Piergiorgio, on March 22nd, bless his cotton socks, tries again: "Perhaps you didn't fully read my previous messages (please do). You will be able to reproduce (and fix) the vulnerabilities I found... only after contacting me and discuss the matter and then, after signing an NDA protected contract..." He’s spelling it out for them! Like explaining object permanence to a particularly stubborn infant! "'We were unable to reproduce your findings' only means to me that you did NOT read my messages or that you are NOT a functional human being (no offense)." No offense! He’s a goddamn diplomat, this guy!
This dance, this digital tango of tedium, goes on. Piergiorgio keeps saying, "Let's agree on the rules of engagement, the value of my work, then I give you the full monty." Microsoft keeps saying, "Send us everything first, then we'll see if it fits our 'bug bar' and maybe, just maybe, you'll get a cookie from the bounty jar."
Finally, on April 6th, our hero lays out a beautiful, structured plan: Mutual NDA. High-level tech discussion.
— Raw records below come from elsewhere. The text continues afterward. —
Lemma cong_plugE_l E0 r0 b : ectx_ok E0 -> cong (plugE E0 r0) b ->
  exists E1 r1, b = plugE E1 r1 /\ ectx_ok E1 /\ cong_ectx E0 E1 /\ cong r0 r1.
Proof.
  revert b; induction E0 as [| v E0 IH | E0 IH a | E0 IH]; cbn; intros b HE H.
  - exists EHole, b; cbn; auto.
  - apply cong_app_l in H as [c [d [-> [Hc Hd]]]].
    destruct (IH d (proj2 HE) Hd) as [E1 [r1 [-> [HE1 [HE01 Hr]]]]].
    exists (EAppR c E1), r1; cbn; repeat split; try apply (cong_is_value _ _ Hc); tauto.
  - apply cong_app_l in H as [c [d [-> [Hc Hd]]]].
    destruct (IH c HE Hc) as [E1 [r1 [-> [HE1 [HE01 Hr]]]]].
    exists (EAppL E1 d), r1; cbn; auto.
  - apply cong_reset_l in H as [c [-> Hc]].
    destruct (IH c HE Hc) as [E1 [r1 [-> [HE1 [HE01 Hr]]]]].
    exists (EReset E1), r1; cbn; auto.
Qed.

(* The redex hypothesis rules out the hole sitting inside the right-hand
   side (S k.t) u of the generating pair. *)
Lemma cong_plugE_r E1 r1 a : ectx_ok E1 -> redex r1 -> cong a (plugE E1 r1) ->
  exists E0 r0, a = plugE E0 r0 /\ ectx_ok E0 /\ cong_ectx E0 E1 /\ cong r0 r1.
Proof.
  revert a; induction E1 as [| v E1 IH | E1 IH b | E1 IH]; cbn; intros a HE Hr H.
  - exists EHole, a; cbn; auto.
  - apply cong_app_r in H as [[c [d [-> [Hc Hd]]]] | [_ [-> _]]];
      [| destruct HE as [[] _]].
    destruct (IH d (proj2 HE) Hr Hd) as [E0 [r0 [-> [HE0 [HE01 Hr0]]]]].
    exists (EAppR c E0), r0; cbn; repeat split; try apply (cong_is_value _ _ Hc); tauto.
  - apply cong_app_r in H as [[c [d [-> [Hc Hd]]]] | [_ [Hs _]]].
    + destruct (IH c HE Hr Hc) as [E0 [r0 [-> [HE0 [HE01 Hr0]]]]].
      exists (EAppL E0 d), r0; cbn; auto.
    + rewrite (plugE_shift E1 r1 t Hs) in Hs; cbn in Hs; subst r1; destruct Hr.
  - apply cong_reset_r in H as [c [-> Hc]].
    destruct (IH c HE Hr Hc) as [E0 [r0 [-> [HE0 [HE01 Hr0]]]]].
    exists (EReset E0), r0; cbn; auto.
Qed.

Lemma cong_plugP_shift_l F0 s0 b : pctx_ok F0 -> cong (plugP F0 (Shift s0)) b ->
  (exists F1 s1, b = plugP F1 (Shift s1) /\ pctx_ok F1 /\ cong_pctx F0 F1 /\ cong s0 s1) \/
  (s0 = t /\ exists F1, b = plugP F1 (Shift t) /\ pctx_ok F1).
Proof.
  revert b; induction F0 as [| v F0 IH | F0 IH a]; cbn; intros b HF H.
  - apply cong_shift_l in H as [[c [-> Hc]] | [-> ->]].
    + left; exists PHole, c; cbn; auto.
    + right; split; [reflexivity | exists (PAppL PHole u); cbn; auto].
  - apply cong_app_l in H as [c [d [-> [Hc Hd]]]].
    assert (Hvc : is_value c) by (apply (cong_is_value _ _ Hc), HF).
    destruct (IH d (proj2 HF) Hd)
      as [[F1 [s1 [-> [HF1 [HF01 Hs]]]]] | [-> [F1 [-> HF1]]]].
    + left; exists (PAppR c F1), s1; cbn; tauto.
    + right; split; [reflexivity | exists (PAppR c F1); cbn; auto].
  - apply cong_app_l in H as [c [d [-> [Hc Hd]]]].
    destruct (IH c HF Hc) as [[F1 [s1 [-> [HF1 [HF01 Hs]]]]] | [-> [F1 [-> HF1]]]].
    + left; exists (PAppL F1 d), s1; cbn; tauto.
    + right; split; [reflexivity | exists (PAppL F1 d); cbn; auto].
Qed.

Lemma cong_plugP_shift_r F1 s1 a : pctx_ok F1 -> cong a (plugP F1 (Shift s1)) ->
  (exists F0 s0, a = plugP F0 (Shift s0) /\ pctx_ok F0 /\ cong_pctx F0 F1 /\ cong s0 s1) \/
  (s1 = t /\ exists F0, a = plugP F0 (Shift t) /\ pctx_ok F0).
Proof.
  revert a; induction F1 as [| v F1 IH | F1 IH b]; cbn; intros a HF H.
  - apply cong_shift_r in H as [c [-> Hc]].
    left; exists PHole, c; cbn; auto.
  - apply cong_app_r in H as [[c [d [-> [Hc Hd]]]] | [_ [-> _]]];
      [| destruct HF as [[] _]].
    assert (Hvc : is_value c) by (apply (cong_is_value _ _ Hc), HF).
    destruct (IH d (proj2 HF) Hd)
      as [[F0 [s0 [-> [HF0 [HF01 Hs]]]]] | [-> [F0 [-> HF0]]]].
    + left; exists (PAppR c F0), s0; cbn; tauto.
    + right; split; [reflexivity | exists (PAppR c F0); cbn; auto].
  - apply cong_app_r in H as [[c [d [-> [Hc Hd]]]] | [-> [Hs _]]].
    + destruct (IH c HF Hc) as [[F0 [s0 [-> [HF0 [HF01 Hs]]]]] | [-> [F0 [-> HF0]]]].
      * left; exists (PAppL F0 d), s0; cbn; tauto.
      * right; split; [reflexivity | exists (PAppL F0 d); cbn; auto].
    + rewrite (plugP_shift F1 (Shift s1) t Hs) in Hs; injection Hs as ->.
      right; split; [reflexivity | exists PHole; cbn; auto].
Qed.

Lemma open_body v : open t v = t.
Proof. apply open_rec_body. Qed.

Lemma cong_step_simulation : step_simulation cong.
Proof.
  intros a a' b Hstep H.
  destruct Hstep as [E0 s v HE0 Hv | E0 F0 s HE0 HF0 | E0 v HE0 Hv].
  - destruct (cong_plugE_l _ _ _ HE0 H) as [E1 [r1 [-> [HE1 [HE01 Hr]]]]].
    apply cong_app_l in Hr as [c [d [-> [Hc Hd]]]].
    apply cong_lam_l in Hc as [s' [-> Hs]].
    exists (plugE E1 (open s' d)); split.
    + apply step_beta; [exact HE1 | apply (cong_is_value _ _ Hd), Hv].
    + apply cong_plugE; [exact HE01 | apply cong_open; assumption].
  - destruct (cong_plugE_l _ _ _ HE0 H) as [E1 [r1 [-> [HE1 [HE01 Hr]]]]].
    apply cong_reset_l in Hr as [c [-> Hc]].
    destruct (cong_plugP_shift_l _ _ _ HF0 Hc)
      as [[F1 [s1 [-> [HF1 [HF01 Hs]]]]] | [-> [F1 [-> HF1]]]].
    + eexists; split; [apply step_shift; assumption |].
      apply cong_plugE, cong_reset, cong_open; [assumption .. |].
      apply cong_lam, cong_reset, cong_plugP; [assumption | constructor].
    + eexists; split; [apply step_shift; assumption |].
      rewrite !open_body; apply cong_plugE, cong_reset, cong_refl; assumption.
  - destruct (cong_plugE_l _ _ _ HE0 H) as [E1 [r1 [-> [HE1 [HE01 Hr]]]]].
    apply cong_reset_l in Hr as [c [-> Hc]].
    exists (plugE E1 c); split.
    + apply step_reset; [exact HE1 | apply (cong_is_value _ _ Hc), Hv].
    + apply cong_plugE; assumption.
Qed.

Lemma cong_step_simulation_inv : step_simulation (fun a b => cong b a).
Proof.
  intros b b' a Hstep H.
  destruct Hstep as [E1 s v HE1 Hv | E1 F1 s HE1 HF1 | E1 v HE1 Hv].
  - destruct (cong_plugE_r E1 (App (Lam s) v) _ HE1 Hv H)
      as [E0 [r0 [-> [HE0 [HE01 Hr]]]]].
    apply cong_app_r in Hr as [[c [d [-> [Hc Hd]]]] | [_ [Hs _]]]; [| discriminate].
    apply cong_lam_r in Hc as [s' [-> Hs]].
    exists (plugE E0 (open s' d)); split.
    + apply step_beta; [exact HE0 | apply (cong_is_value _ _ Hd), Hv].
    + apply cong_plugE; [exact HE01 | apply cong_open; assumption].
  - destruct (cong_plugE_r E1 (Reset _) _ HE1 I H) as [E0 [r0 [-> [HE0 [HE01 Hr]]]]].
    apply cong_reset_r in Hr as [c [-> Hc]].
    destruct (cong_plugP_shift_r _ _ _ HF1 Hc)
      as [[F0 [s0 [-> [HF0 [HF01 Hs]]]]] | [-> [F0 [-> HF0]]]].
    + eexists; split; [apply step_shift; assumption |].
      apply cong_plugE, cong_reset, cong_open; [assumption .. |].
      apply cong_lam, cong_reset, cong_plugP; [assumption | constructor].
    + eexists; split; [apply step_shift; assumption |].
      rewrite !open_body; apply cong_plugE, cong_reset, cong_refl; assumption.
  - destruct (cong_plugE_r E1 (Reset v) _ HE1 I H) as [E0 [r0 [-> [HE0 [HE01 Hr]]]]].
    apply cong_reset_r in Hr as [c [-> Hc]].
    exists (plugE E0 c); split.
    + apply step_reset; [exact HE0 | apply (cong_is_value _ _ Hc), Hv].
    + apply cong_plugE; assumption.
Qed.

Lemma cong_control_stuck a b : cong a b -> control_stuck a <-> control_stuck b.
Proof.
  intros H; split; intros [F [s [HF ->]]].
  - destruct (cong_plugP_shift_l _ _ _ HF H)
      as [[F1 [s1 [-> [HF1 _]]]] | [_ [F1 [-> HF1]]]]; red; eauto.
  - destruct (cong_plugP_shift_r _ _ _ HF H)
      as [[F0 [s0 [-> [HF0 _]]]] | [_ [F0 [-> HF0]]]]; red; eauto.
Qed.

Theorem discarding_shift_ctx_equiv : ctx_equiv (Shift t) (App (Shift t) u).
Proof.
  apply (ctx_equiv_of_step_bisimulation cong).
  - exact cong_step_simulation.
  - exact cong_step_simulation_inv.
  - exact cong_is_value.
  - exact cong_control_stuck.
  - exact cong_plugG.
Qed.

End DiscardingShift.

(** * Failure of normal form bisimilarity *)

Lemma shift_not_nf_bisimilar_app t u :
  (forall x w, ~ eval (App (FVar x) u) w) -> ~ nf_bisimilar (Shift t) (App (Shift t) u).
Proof.
  intros Hdiv [R [[Hsim _] HR]].
  pose proof (control_stuck_irreducible PHole t I) as Hstuck0.
  pose proof (control_stuck_irreducible (PAppL PHole u) t I) as Hstuck1.
  destruct (Hsim _ _ HR _ (eval_irreducible _ Hstuck0)) as [b [[Hsteps _] Hnf]].
  cbn in Hsteps; rewrite (steps_irreducible _ _ Hstuck1 Hsteps) in Hnf.
  destruct Hnf as [[[] _] | [[F0 [s0 [F1 [s1 [_ [HF1 [H0 [H1 [Hctx _]]]]]]]]] | Hopen]].
  - (* both sides are control stuck, in the pure contexts [ ] and [ ] u *)
    rewrite (plugP_shift F0 (Shift s0) t (eq_sym H0)) in Hctx.
    destruct F1 as [| v F1 | F1 a]; cbn in H1; try discriminate.
    + injection H1 as <- _; destruct HF1 as [[] _].
    + injection H1 as H1 <-.
      rewrite (plugP_shift F1 (Shift s1) t (eq_sym H1)) in Hctx.
      destruct Hctx as [[E0' [G0 [E1' [G1 [_ [_ [HE0 _]]]]]]] |
                        [G0 [G1 [_ [_ [HG0 [HG1 [x [_ [_ Hx]]]]]]]]]].
      * destruct E0'; discriminate.
      * destruct G0; try discriminate.
        destruct G1 as [| | [] a]; try discriminate.
        injection HG1 as <-.
        destruct (Hsim _ _ Hx _ (eval_irreducible _ (value_irreducible (FVar x) I)))
          as [w [Hw _]].
        exact (Hdiv x w Hw).
  - destruct Hopen as [E0 [E1 [x [v0 [v1 [_ [_ [HE0 _]]]]]]]].
    destruct E0; discriminate.
Qed.

Theorem proposition2 :
  ctx_equiv (Shift tI) (App (Shift tI) tOmega) /\
  ~ nf_bisimilar (Shift tI) (App (Shift tI) tOmega).
Proof.
  split.
  - apply discarding_shift_ctx_equiv; repeat split; cbn; auto.
  - apply shift_not_nf_bisimilar_app, app_omega_diverges.
Qed.
Theorem lemma3p2
  (D K : nat) (A1 A2 a eps : R)
  (d : nat -> nat) (alpha b : nat -> nat -> C) (beta : nat -> Z) (c : R)
  (HD : (1 <= D)%nat) (HK : (1 <= K)%nat)
  (HA1 : 0 < A1) (HA2 : 0 < A2) (Ha : 0 < a) (Heps : 0 < eps)
  (Hord : a < 1 /\ 1 <= A1 /\ A1 < A2)
  (Hd : forall n, (1 <= n)%nat -> (1 <= d n)%nat)
  (H1 : forall n, (1 <= n)%nat -> Cmod (alpha 1%nat n) < Cmod (alpha 1%nat (S n)))
  (H2 : forall n, (1 <= n)%nat -> Cmod (alpha 1%nat n) >= Rpower (INR n) (1 + eps))
  (H3 : LimInf_seq (fun n => rpow (Cmod (alpha 1%nat n)) (/ Eexp D K d n)) = Finite A1)
  (H4 : LimSup_seq (fun n => rpow (Cmod (alpha 1%nat n)) (/ Eexp D K d n)) = Finite A2)
  (H5 : forall n i, (1 <= n)%nat -> (1 < i <= K)%nat ->
     Rpower 2 (- rpow (log2 (Cmod (alpha 1%nat n))) a)
       < Cmod (alpha 1%nat n) / Cmod (alpha i n)
     /\ Cmod (alpha 1%nat n) / Cmod (alpha i n)
       < Rpower 2 (rpow (log2 (Cmod (alpha 1%nat n))) a))
  (H6 : forall n i, (1 <= n)%nat -> (1 <= i <= K)%nat ->
     Cmod (b i n) <= Rpower 2 (rpow (log2 (Cmod (alpha 1%nat n))) a))
  (Hbeta : exists j, (1 <= j <= K)%nat /\ beta j <> 0%Z)
  (Hc : a < c /\ c < 1) :
  let gamma (N : nat) : C :=
    csum1 (fun j => Cmult (RtoC (IZR (beta j)))
                          (ctail (fun n => Cdiv (b j n) (alpha j n)) N)) K in
  LimInf_seq (fun N =>
    Cmod (gamma N) *
    (Rpower 2 (Rpower (INR D) (c * INR N) * prod1 (fun i => rpow (INR K * Dprod d i + INR (d i)) c) (N - 1))
     * prod1 (fun n => Cmod (alpha 1%nat n) ^ K) N)
    ^ (D * Dnat d N)%nat) = Finite 0.
Proof.
  intros gamma.
  destruct Hord as [Ha1 [_ HA12]]. destruct Hc as [Hac Hc1].
  assert (Ha' : 0 < a < 1) by lra.
  change (LimInf_seq (fun N => Cmod (gamma_sum K alpha b beta N) * weight D K d alpha c N) = 0).
  apply is_LimInf_seq_unique. intros e. split.
  - intros N0.
    destruct (exp_neg_small (gamma_const K eps beta) e (gamma_const_nonneg K eps beta Heps) (cond_pos e))
      as [G [HG Hsmall]].
    destruct (frequently_small_terms_alpha D K A1 A2 a eps d alpha c HD HK Ha' Heps HA12 Hd H1 H2 H3 H4
                Hac Hc1 G HG (Nat.max N0 1)) as [N [HN Hdom]].
    exists N. split; [lia |].
    pose proof (weighted_gamma_le D K a eps d alpha b beta c HD HK Ha' Heps H2 H5 H6 G N ltac:(lia) Hdom).
    simpl. lra.
  - exists O. intros n _. simpl.
    pose proof (cond_pos e). pose proof (Cmod_ge_0 (gamma_sum K alpha b beta n)).
    rewrite (weight_eq D K eps d alpha c HD HK Heps H2).
    pose proof (exp_pos (log_weight (log_alpha1 alpha) (rate D K d) (cexp_weight D K d c) n)).
    nra.
Qed.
Bounty Agreement. Then full PoC. Like a civilized goddamn transaction between professionals! He’s not asking for the moon, he’s asking for a process that doesn’t involve him getting financially reamed for doing them a colossal favor!
He ends one of his last messages with, "My current impasse reflects the need for Microsoft to engage in a discussion about a formal agreement..." You hear that? It's the sound of a man who's done his damnedest to play by rules that respect his work, running headfirst into a corporate wall that only understands one thing: its own goddamn process, no matter how stupid or counterproductive it is!
So, there you have it. A security researcher with critical information, trying to get a multi-billion-dollar corporation to listen, to act reasonably, to maybe even say "thank you" with something more than an automated email. It’s a comedy, it’s a tragedy, it’s a goddamn symptom of the times, folks! Where the humans trying to help are drowned out by the incessant, idiotic hum of the machines and the policies they blindly enforce! Makes you wanna unplug the whole damn thing, doesn't it?